- Records -
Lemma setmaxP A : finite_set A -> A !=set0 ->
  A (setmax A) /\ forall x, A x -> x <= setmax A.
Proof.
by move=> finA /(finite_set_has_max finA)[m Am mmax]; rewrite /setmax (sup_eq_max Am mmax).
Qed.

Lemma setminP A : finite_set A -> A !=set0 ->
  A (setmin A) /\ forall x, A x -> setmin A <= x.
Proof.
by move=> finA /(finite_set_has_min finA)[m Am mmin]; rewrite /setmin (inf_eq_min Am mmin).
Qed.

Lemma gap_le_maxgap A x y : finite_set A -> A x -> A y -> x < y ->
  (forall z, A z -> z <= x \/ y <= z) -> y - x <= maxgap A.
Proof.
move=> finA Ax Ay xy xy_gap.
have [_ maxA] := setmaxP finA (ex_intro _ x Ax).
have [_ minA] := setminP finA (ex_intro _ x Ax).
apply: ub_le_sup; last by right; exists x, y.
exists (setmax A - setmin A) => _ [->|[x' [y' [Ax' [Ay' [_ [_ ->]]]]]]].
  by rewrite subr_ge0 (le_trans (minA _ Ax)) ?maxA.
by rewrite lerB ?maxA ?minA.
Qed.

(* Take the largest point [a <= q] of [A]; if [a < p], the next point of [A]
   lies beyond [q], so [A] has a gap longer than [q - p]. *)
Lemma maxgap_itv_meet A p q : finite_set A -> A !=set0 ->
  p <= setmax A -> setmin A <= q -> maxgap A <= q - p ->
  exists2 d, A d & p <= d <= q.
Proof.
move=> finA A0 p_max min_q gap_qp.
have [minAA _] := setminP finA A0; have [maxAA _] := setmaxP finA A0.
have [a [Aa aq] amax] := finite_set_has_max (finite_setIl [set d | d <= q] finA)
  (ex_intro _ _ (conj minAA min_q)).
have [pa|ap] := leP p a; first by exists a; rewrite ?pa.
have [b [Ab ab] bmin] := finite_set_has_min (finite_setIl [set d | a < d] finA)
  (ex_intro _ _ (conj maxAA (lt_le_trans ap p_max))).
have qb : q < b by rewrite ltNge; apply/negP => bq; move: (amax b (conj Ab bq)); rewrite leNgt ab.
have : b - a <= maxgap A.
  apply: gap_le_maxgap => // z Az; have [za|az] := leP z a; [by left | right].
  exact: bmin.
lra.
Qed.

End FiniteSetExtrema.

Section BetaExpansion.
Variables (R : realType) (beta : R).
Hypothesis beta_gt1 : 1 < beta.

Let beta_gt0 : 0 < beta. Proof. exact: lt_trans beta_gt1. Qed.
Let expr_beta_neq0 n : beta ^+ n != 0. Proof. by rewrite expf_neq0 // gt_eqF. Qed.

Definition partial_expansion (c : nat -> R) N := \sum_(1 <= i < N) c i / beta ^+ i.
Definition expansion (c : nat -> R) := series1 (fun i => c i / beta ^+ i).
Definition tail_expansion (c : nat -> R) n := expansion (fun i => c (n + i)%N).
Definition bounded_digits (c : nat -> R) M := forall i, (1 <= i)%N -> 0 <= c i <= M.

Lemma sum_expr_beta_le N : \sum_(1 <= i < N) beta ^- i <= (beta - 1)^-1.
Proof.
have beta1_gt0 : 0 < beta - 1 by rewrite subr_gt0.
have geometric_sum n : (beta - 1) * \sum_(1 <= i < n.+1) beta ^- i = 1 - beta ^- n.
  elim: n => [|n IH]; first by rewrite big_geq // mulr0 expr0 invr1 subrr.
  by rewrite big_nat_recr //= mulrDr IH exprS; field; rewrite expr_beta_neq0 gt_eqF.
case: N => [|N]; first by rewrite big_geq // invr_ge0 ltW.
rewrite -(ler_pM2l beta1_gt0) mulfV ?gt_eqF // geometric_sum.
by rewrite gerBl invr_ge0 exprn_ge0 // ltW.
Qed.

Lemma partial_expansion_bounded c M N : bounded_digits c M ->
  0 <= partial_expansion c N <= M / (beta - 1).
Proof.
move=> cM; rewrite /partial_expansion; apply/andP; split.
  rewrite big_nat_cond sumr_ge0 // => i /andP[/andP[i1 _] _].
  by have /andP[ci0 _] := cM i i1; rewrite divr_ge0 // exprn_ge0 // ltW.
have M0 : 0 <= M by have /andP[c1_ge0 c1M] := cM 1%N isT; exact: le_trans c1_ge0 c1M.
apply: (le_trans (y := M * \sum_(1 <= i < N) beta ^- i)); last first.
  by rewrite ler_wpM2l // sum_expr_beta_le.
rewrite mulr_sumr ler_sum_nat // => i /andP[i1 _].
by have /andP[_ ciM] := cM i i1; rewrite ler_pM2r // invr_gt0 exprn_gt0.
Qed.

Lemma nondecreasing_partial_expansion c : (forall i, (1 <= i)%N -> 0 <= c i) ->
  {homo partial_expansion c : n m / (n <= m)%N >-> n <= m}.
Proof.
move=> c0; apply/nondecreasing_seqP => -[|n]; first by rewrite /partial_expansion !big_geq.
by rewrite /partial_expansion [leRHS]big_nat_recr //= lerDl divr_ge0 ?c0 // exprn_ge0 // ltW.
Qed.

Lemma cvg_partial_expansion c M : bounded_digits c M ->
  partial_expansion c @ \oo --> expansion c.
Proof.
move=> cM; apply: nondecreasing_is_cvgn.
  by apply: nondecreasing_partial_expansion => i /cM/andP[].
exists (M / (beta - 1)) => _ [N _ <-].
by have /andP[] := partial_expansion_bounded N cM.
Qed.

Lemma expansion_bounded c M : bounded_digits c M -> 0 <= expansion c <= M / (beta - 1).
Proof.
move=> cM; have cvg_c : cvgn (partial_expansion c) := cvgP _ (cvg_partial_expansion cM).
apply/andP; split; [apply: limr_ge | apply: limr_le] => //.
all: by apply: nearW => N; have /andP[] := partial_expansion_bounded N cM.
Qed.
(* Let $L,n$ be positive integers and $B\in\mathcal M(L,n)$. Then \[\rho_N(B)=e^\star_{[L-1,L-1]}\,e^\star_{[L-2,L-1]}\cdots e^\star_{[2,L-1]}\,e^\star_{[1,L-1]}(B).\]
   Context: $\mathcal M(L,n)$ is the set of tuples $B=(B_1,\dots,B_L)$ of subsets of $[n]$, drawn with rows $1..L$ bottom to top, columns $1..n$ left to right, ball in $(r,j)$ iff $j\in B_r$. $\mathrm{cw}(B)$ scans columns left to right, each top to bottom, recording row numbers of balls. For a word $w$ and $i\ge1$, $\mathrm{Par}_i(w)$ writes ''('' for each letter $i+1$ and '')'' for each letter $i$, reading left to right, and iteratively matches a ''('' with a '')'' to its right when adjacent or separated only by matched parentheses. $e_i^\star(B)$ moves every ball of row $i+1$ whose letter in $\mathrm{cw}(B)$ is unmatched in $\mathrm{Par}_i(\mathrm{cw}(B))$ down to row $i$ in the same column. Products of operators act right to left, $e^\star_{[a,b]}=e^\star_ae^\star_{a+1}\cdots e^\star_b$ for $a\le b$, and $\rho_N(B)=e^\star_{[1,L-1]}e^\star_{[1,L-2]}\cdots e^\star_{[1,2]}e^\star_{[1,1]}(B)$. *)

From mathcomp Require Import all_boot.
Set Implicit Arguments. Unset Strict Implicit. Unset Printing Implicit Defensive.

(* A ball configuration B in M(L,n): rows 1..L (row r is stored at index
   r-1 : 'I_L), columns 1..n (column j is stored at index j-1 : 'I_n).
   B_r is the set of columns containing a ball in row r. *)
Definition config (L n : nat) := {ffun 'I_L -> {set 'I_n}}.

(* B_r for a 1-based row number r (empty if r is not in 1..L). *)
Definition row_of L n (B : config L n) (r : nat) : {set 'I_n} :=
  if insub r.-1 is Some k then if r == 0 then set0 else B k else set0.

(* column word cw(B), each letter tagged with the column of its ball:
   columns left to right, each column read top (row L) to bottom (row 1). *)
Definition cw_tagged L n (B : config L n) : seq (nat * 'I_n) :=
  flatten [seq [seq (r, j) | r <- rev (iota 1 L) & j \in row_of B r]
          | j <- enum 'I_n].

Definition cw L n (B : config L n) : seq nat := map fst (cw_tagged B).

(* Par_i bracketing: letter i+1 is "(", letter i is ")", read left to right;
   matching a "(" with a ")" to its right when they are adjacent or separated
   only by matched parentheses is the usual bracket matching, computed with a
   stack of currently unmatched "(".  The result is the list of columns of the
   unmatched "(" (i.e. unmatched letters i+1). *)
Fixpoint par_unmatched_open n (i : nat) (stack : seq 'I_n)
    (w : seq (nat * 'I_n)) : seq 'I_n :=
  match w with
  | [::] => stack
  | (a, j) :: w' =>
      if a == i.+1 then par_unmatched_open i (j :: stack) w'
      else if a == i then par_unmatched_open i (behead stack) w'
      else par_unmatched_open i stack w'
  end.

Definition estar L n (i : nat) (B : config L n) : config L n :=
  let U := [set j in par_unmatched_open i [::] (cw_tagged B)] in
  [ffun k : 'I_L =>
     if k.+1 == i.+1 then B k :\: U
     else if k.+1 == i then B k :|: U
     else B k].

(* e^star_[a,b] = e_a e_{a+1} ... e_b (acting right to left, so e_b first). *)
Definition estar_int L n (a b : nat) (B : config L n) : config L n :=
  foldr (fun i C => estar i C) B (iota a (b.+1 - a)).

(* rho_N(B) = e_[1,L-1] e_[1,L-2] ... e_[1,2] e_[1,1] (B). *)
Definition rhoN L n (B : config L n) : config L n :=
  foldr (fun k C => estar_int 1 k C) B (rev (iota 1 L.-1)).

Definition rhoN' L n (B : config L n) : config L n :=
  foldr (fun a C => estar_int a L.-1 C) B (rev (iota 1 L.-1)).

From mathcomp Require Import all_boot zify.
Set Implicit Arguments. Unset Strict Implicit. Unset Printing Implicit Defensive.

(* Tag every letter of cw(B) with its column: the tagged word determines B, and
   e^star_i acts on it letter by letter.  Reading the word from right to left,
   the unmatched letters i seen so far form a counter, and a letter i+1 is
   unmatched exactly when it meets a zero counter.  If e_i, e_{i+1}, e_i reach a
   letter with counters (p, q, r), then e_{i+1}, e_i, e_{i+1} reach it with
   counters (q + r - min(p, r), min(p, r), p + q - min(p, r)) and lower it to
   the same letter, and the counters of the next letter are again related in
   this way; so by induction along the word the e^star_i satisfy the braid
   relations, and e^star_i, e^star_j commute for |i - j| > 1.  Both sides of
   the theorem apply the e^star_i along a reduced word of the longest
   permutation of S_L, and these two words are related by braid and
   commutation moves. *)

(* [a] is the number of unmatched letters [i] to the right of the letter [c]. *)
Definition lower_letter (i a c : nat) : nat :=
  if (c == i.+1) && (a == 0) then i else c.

==

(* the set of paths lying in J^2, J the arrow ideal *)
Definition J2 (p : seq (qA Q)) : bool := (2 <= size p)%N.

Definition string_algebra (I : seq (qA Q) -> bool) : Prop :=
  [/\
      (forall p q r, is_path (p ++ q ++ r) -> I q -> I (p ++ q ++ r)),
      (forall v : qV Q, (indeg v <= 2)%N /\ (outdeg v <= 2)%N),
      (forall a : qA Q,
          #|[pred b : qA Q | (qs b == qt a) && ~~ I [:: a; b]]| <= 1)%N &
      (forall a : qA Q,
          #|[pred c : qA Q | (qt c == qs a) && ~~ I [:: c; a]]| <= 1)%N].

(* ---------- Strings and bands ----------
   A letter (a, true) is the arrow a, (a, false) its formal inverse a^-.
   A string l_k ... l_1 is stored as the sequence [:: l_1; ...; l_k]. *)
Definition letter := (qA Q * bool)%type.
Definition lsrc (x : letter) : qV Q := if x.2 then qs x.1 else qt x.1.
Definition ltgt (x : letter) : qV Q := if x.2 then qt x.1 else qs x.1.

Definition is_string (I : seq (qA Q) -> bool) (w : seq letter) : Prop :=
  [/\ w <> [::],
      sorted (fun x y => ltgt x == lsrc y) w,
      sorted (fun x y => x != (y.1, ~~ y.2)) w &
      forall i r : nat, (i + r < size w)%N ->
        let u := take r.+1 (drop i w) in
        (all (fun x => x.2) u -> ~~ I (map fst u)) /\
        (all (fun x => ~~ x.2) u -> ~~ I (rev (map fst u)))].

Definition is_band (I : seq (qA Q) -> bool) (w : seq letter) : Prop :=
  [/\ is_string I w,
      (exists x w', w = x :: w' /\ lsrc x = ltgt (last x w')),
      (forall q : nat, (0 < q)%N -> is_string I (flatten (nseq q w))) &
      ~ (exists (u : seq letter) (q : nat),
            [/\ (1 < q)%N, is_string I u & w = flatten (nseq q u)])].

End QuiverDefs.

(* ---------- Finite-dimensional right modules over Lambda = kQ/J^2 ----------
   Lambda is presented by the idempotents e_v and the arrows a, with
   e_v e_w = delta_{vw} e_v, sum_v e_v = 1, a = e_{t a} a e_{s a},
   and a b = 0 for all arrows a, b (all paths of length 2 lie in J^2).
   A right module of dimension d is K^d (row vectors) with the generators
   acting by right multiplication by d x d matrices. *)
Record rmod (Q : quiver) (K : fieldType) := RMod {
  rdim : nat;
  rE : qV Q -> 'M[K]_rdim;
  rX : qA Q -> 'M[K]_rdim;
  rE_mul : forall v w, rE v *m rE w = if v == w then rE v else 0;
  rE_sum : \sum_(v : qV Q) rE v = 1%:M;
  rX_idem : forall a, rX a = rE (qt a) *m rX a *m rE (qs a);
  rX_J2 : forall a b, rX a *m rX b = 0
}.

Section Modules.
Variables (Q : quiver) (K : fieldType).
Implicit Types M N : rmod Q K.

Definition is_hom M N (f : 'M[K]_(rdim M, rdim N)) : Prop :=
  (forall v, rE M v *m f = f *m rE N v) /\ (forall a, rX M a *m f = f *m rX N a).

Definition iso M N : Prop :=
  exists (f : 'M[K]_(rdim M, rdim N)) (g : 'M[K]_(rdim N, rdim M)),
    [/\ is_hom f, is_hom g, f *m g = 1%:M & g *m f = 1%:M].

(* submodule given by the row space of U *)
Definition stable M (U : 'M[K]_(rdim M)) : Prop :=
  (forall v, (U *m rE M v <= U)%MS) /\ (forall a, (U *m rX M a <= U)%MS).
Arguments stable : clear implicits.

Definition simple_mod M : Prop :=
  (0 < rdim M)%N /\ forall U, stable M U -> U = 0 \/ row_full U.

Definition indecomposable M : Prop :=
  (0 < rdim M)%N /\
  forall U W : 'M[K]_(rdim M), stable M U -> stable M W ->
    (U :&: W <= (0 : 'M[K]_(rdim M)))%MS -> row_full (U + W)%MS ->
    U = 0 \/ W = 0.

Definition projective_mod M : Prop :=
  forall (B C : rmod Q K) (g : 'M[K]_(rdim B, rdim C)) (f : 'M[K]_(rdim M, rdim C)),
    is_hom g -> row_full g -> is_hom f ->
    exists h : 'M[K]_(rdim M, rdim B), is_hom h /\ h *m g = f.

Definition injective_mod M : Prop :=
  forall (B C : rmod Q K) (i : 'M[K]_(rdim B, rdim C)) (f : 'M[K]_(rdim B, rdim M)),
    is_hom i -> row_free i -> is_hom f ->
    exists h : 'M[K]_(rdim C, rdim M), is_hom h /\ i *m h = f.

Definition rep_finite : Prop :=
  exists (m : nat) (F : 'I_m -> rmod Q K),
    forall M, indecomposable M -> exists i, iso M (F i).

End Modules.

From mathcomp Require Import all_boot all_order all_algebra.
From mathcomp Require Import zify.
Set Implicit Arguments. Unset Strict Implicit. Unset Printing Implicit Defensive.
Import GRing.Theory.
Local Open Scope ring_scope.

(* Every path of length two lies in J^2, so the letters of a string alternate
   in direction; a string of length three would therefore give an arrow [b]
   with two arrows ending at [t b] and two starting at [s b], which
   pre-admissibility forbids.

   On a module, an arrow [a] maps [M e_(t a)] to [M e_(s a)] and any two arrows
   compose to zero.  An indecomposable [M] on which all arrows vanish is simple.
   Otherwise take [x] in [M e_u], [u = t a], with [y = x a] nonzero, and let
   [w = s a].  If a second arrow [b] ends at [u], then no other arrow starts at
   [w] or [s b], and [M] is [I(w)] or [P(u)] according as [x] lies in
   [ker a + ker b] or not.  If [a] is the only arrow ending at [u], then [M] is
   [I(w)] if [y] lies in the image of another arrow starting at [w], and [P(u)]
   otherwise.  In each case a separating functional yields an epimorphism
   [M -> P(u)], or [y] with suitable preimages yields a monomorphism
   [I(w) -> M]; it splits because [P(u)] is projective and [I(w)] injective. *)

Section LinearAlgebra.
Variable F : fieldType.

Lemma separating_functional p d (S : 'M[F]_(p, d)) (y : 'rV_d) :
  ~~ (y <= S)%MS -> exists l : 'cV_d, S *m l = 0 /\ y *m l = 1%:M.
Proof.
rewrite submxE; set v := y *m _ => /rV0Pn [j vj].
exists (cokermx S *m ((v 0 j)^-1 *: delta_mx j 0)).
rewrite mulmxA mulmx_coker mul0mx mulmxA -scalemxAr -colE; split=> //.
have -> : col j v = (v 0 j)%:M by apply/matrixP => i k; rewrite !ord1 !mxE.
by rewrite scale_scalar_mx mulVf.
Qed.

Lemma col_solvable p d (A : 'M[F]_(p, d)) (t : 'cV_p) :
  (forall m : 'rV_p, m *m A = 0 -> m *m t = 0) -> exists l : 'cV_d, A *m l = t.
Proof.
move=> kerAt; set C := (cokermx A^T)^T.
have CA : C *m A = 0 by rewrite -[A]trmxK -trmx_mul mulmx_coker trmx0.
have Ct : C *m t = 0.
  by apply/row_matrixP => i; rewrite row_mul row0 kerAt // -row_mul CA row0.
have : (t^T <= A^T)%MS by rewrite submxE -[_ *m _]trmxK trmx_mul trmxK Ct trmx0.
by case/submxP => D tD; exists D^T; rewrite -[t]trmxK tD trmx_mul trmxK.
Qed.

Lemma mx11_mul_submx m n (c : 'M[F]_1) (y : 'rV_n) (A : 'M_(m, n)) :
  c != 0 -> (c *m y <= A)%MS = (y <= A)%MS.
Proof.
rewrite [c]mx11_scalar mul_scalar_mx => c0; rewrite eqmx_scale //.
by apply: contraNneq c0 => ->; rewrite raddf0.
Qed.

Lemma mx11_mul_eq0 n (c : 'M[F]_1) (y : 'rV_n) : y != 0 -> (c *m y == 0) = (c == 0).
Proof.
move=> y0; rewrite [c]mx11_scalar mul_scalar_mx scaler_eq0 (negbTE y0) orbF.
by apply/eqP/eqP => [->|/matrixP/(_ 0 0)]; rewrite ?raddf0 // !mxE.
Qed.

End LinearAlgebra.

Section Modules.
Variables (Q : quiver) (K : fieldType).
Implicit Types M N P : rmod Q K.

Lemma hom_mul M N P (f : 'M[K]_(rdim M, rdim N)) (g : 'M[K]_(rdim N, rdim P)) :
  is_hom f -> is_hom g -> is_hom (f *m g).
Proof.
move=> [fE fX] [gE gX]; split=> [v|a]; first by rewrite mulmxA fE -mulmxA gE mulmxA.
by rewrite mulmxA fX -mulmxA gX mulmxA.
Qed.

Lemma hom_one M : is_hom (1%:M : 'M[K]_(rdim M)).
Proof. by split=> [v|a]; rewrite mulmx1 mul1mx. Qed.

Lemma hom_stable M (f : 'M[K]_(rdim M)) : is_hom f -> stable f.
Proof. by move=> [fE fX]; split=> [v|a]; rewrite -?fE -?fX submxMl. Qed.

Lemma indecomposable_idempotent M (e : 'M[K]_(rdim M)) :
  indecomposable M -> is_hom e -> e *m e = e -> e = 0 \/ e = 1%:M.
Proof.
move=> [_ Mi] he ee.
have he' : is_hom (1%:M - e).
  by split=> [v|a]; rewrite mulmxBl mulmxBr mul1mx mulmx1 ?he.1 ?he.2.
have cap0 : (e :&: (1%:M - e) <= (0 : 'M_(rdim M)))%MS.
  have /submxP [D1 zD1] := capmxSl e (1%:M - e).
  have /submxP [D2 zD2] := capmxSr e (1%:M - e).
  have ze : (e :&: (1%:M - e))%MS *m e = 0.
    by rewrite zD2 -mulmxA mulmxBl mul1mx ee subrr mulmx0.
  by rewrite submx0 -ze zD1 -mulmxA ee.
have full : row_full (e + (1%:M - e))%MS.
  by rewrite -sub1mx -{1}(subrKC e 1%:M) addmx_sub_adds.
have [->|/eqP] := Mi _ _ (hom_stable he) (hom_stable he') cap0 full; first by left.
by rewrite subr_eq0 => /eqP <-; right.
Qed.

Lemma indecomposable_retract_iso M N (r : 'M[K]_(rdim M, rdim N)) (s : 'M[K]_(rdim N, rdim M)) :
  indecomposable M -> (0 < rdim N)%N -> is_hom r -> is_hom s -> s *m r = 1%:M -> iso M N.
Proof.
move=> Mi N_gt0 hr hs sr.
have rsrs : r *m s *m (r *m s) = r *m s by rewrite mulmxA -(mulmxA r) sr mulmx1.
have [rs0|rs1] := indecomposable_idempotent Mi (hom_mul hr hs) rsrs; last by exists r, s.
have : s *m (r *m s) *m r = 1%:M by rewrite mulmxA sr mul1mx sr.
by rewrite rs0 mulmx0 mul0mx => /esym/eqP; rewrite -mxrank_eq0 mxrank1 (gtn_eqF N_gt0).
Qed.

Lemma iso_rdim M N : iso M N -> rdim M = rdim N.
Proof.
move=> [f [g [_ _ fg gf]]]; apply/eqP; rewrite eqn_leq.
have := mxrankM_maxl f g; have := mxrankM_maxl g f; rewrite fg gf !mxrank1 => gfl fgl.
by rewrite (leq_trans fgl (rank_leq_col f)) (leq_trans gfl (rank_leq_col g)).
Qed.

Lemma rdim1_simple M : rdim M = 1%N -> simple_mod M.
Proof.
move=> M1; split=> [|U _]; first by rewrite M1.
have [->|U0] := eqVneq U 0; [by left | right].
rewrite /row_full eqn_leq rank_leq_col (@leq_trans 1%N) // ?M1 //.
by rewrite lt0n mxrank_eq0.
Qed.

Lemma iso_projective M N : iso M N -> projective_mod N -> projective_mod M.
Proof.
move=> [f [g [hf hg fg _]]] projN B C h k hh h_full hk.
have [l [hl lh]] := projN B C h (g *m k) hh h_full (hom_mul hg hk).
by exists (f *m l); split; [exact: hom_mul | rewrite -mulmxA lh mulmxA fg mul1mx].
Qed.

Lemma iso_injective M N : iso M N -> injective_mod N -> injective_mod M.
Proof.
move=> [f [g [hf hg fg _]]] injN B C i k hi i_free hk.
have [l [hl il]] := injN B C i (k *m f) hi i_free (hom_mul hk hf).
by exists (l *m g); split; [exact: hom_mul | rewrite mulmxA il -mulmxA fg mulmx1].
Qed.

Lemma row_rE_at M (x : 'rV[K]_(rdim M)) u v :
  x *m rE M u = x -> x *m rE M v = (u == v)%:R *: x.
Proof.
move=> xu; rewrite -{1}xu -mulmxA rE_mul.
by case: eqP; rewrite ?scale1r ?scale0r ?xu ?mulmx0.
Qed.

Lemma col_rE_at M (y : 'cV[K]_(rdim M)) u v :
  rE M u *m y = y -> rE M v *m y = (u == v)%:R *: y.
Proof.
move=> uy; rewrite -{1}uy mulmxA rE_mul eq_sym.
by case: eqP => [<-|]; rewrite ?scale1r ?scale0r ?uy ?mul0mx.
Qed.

- To do -
Leave out every line above except those from the line with "(ex_intro _ _ (conj minAA min_q))." up to and including the line with "have : b - a <= maxgap A.", and copy those exactly.

- Answer space -
  (ex_intro _ _ (conj minAA min_q)).
have [pa|ap] := leP p a; first by exists a; rewrite ?pa.
have [b [Ab ab] bmin] := finite_set_has_min (finite_setIl [set d | a < d] finA)
  (ex_intro _ _ (conj maxAA (lt_le_trans ap p_max))).
have qb : q < b by rewrite ltNge; apply/negP => bq; move: (amax b (conj Ab bq)); rewrite leNgt ab.
have : b - a <= maxgap A.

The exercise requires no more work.